Älteste Flaschenpost weckt Familiengeschichte
Verbindungen nach Eriskirch: Andreas Schiff kennt die Hintergründe zur 132 Jahre alten Nachricht, die in Australien gefunden wurde
ERISKIRCH (rup) - Als Andreas Schiff Anfang März zu Hause in Eriskirch die Schwäbische Zeitung aufgeschlagen hat, holte ihn seine Familiengeschichte ein: An einem Strand an der Westküste Australiens wurde eine Flaschenpost gefunden. Fast 132
Jahre, nachdem sie in den Indischen Ozean geworfen worden war. Und zwar von einem Schiff namens „Paula“, das im norddeutschen Elsfleth bei Oldenburg seinen Heimathafen hatte – und dessen Reeder sein Urgroßvater war.
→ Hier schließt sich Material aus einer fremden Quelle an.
(* Let $n>k\geq3$ be odd integers, let $A$ be a cyclically $k$-diagonal $n\times n$ array and let $g=\gcd(n,k-1)$. If $\gcd(g+1,k-1)=2$, then there exists a solution to $P(A)$.
   Context: Arrays are partially filled and toroidal; $F(A)$ is the set of filled cells. $s_R(i,j)=(i,j+t)$, $s_C(i,j)=(i+t,j)$ with $t\ge1$ minimal such that the cell is filled. For $R\in\{-1,1\}^n$, $C\in\{-1,1\}^n$, $CN_{RC}(i,j)=s_C^{c_{j'}}(i,j')$ where $(i,j')=s_R^{r_i}(i,j)$. A solution to $P(A)$ is a pair $R,C$ such that $CN_{RC}$ is a permutation of $F(A)$ forming a single cycle of length $|F(A)|$. An $n\times n$ array is cyclically $k$-diagonal if its filled cells are exactly the $(i,j)$ with $i-j\bmod n\in\{0,\dots,k-1\}$. *)

From mathcomp Require Import all_boot.
Set Implicit Arguments. Unset Strict Implicit. Unset Printing Implicit Defensive.

(* Cells of an n x n toroidal array are pairs (i,j) : 'I_n * 'I_n (row, column).
   A partially filled array A is represented by its set of filled cells F(A). *)
Definition cell n := ('I_n * 'I_n)%type.

(* step P f x = f^t x, where t >= 1 is minimal with P (f^t x)
   (searched among t = 1..n; f will be a cyclic shift of 'I_n). *)
Definition step n (P : pred 'I_n) (f : 'I_n -> 'I_n) (x : 'I_n) : 'I_n :=
  iter (find (fun t => P (iter t f x)) (iota 1 n)).+1 f x.

(* Signs in {-1,1} are encoded as booleans: true = +1, false = -1. *)
Definition shift n (s : bool) : 'I_n -> 'I_n := if s then @ordS n else @ord_pred n.

Definition sR n (F : {set cell n}) (s : bool) (c : cell n) : cell n :=
  (c.1, step (fun j => (c.1, j) \in F) (@shift n s) c.2).

Definition sC n (F : {set cell n}) (s : bool) (c : cell n) : cell n :=
  (step (fun i => (i, c.2) \in F) (@shift n s) c.1, c.2).

Definition CN n (F : {set cell n}) (R C : 'I_n -> bool) (c : cell n) : cell n :=
  let c' := sR F (R c.1) c in sC F (C c'.2) c'.

(* (R,C) is a solution to P(A): CN_{RC} is a permutation of F(A) consisting of a
   single cycle of length |F(A)|, i.e. it maps F(A) into F(A), is injective on
   F(A), and every filled cell is reached from every filled cell by iteration. *)
Definition is_solution n (F : {set cell n}) (R C : 'I_n -> bool) : Prop :=
  [/\ {in F, forall c, CN F R C c \in F},
      {in F &, injective (CN F R C)} &
      {in F &, forall c d, exists m, iter m (CN F R C) c = d}].

(* Cyclically k-diagonal n x n array: filled cells are (i,j) with (i - j mod n) in {0..k-1}. *)
Definition cyc_diag n k : {set cell n} :=
  [set c : cell n | (c.1 + (n - c.2)) %% n < k].

(* Take R = -1 and c_j = +1 exactly on the strip of columns j <= g, and write
   a filled cell as (j, d) with j its column and d < k its diagonal.  A step of
   CN moves a cell with d < k - 1 one column to the left, raising d by 2 inside
   the strip and keeping it outside; a cell (j, k - 1) jumps k - 1 columns to
   the right, onto diagonal 1 inside the strip and onto k - 1 outside.  As CN is
   injective on the finite set F(A), it is a single cycle once every cell
   reaches (0, k - 1).
   Since k is odd, every cell reaches the top diagonal inside the strip.  From
   (s, k - 1) with 0 < s < g the jumps land back in column s, because
   gcd(n, k - 1) = g, and the climb then returns to column s - (k - 1) modulo
   g + 1; as gcd(g + 1, k - 1) = 2 this connects the points of each parity.
   From (g, k - 1) the jumps land in column 0, connecting the odd class
   (which contains g) to the even one (which contains 0). *)

From mathcomp Require Import all_boot zify.
Set Implicit Arguments. Unset Strict Implicit. Unset Printing Implicit Defensive.

Definition reaches (T : Type) (f : T -> T) (x y : T) := exists m, iter m f x = y.

Lemma reaches_refl (T : Type) (f : T -> T) x : reaches f x x.
Proof. by exists 0. Qed.

Lemma reaches_trans (T : Type) (f : T -> T) x y z :
  reaches f x y -> reaches f y z -> reaches f x z.
Proof. by move=> [a <-] [b <-]; exists (b + a); rewrite iterD. Qed.

Lemma reaches_step (T : Type) (f : T -> T) x y : reaches f (f x) y -> reaches f x y.
Proof. by move=> [a <-]; exists a.+1; rewrite iterSr. Qed.

Lemma iter_conj_in (A B : Type) (f : A -> A) (h : B -> B) (e : B -> A) (Q : pred B) :
  {in Q, forall x, h x \in Q} -> {in Q, forall x, f (e x) = e (h x)} ->
  forall m, {in Q, forall x, iter m f (e x) = e (iter m h x)}.
Proof.
move=> hQ fe; elim=> [//|m IH] x xQ; rewrite !iterS IH // fe //.
by elim: m {IH} => //= m IHm; apply: hQ.
Qed.

Section InjectiveOrbits.
Variables (T : finType) (P : {pred T}) (f : T -> T).
Hypothesis f_in : {in P, forall x, f x \in P}.
Hypothesis f_inj : {in P &, injective f}.

Lemma iter_in m x : x \in P -> iter m f x \in P.
Proof. by move=> xP; elim: m => //= m IH; apply: f_in. Qed.

Lemma iter_inj_in m : {in P &, injective (iter m f)}.
Proof.
elim: m => [//|m IH] y z yP zP /= e.
by apply: IH => //; apply: f_inj => //; apply: iter_in.
Qed.

Lemma iter_period x : x \in P -> exists2 p, 0 < p & iter p f x = x.
Proof.
move=> xP; pose orb (i : 'I_#|T|.+1) := iter i f x.
have /injectivePn [i [j ij eij]] : ~~ injectiveb orb.
  by apply/injectiveP => /leq_card; rewrite card_ord ltnn.
wlog lt_ij : i j ij eij / i < j.
  move=> W; case: (ltngtP i j) => h; first exact: (W i j).
    by apply: (W j i) => //; rewrite eq_sym.
  by move: ij; rewrite (val_inj h) eqxx.
exists (j - i); first by rewrite subn_gt0.
apply: (@iter_inj_in i); rewrite ?iter_in //.
by rewrite -iterD subnKC ?(ltnW lt_ij) //; apply/esym.
Qed.

(* From [x] go to [z], which lies on the (periodic) orbit of [y], then follow
   that orbit around to [y]. *)
Lemma reaches_in_of_sink z :
  {in P, forall x, reaches f x z} -> {in P &, forall x y, reaches f x y}.
Proof.
move=> sink x y xP yP; have [a xz] := sink x xP; have [b yz] := sink y yP.
have [p p_gt0 yp] := iter_period yP.
exists (p * b - b + a); rewrite iterD xz -yz -iterD subnK ?leq_pmull //.
by rewrite mulnC iterM; elim: b {yz} => //= b ->.
Qed.

End InjectiveOrbits.

Lemma iter_addmod N c m x : x < N ->
  iter m (fun y => (y + c) %% N) x = (x + m * c) %% N.
Proof.
move=> xN; elim: m => [|m IH]; first by rewrite addn0 modn_small.
by rewrite iterS IH modnDml mulSn [c + _]addnC addnA.
Qed.

Lemma modn_small_twice x d : x < d + d -> x %% d = if x < d then x else x - d.
Proof.
move=> xd; case: ifP => lt_xd; first by rewrite modn_small.
have le_dx : d <= x by rewrite leqNgt lt_xd.
by rewrite -{1}(subnK le_dx) modnDr modn_small; lia.
Qed.

Section Dynamics.
Variables n k g : nat.
Hypotheses (k_ge3 : 3 <= k) (k_lt_n : k < n).

Definition col_pred j := if j == 0 then n.-1 else j.-1.
Definition col_jump j := (j + k.-1) %% n.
Elsfleth? Paula? Andreas Schiff blätterte in seinem privaten Archiv und hatte rasch Gewissheit: Die „Paula“war jener hölzerne Dreimastsegler, den sein Urgroßvater Gustav Adolph in Auftrag gegeben hatte. Gustav Adolph Schiff war Reeder in Elsfleth an der Unterweser. „Dort lebten etwa 5000 Einwohner, also auch nicht mehr als in Eriskirch“, sagt Andreas Schiff. Trotzdem hatten nur Hamburg und Bremen mehr Schiffe.
Eigentümer der Schiffe waren die Menschen vor Ort. „Es war nie eine einzelne Person, der ein Schiff gehörte. Wegen des Risikos“, erklärt Andreas Schiff. „Schiffe gingen verschollen oder sie sanken. Deshalb hatte der Einzelne ein Sechzehntel oder ein Zweiunddreißigstel eines Schiffs.“Der Betrieb war Sache des Reeders: Er stellte den Kapitän ein, organisierte Frachtwege und Warenverkehr.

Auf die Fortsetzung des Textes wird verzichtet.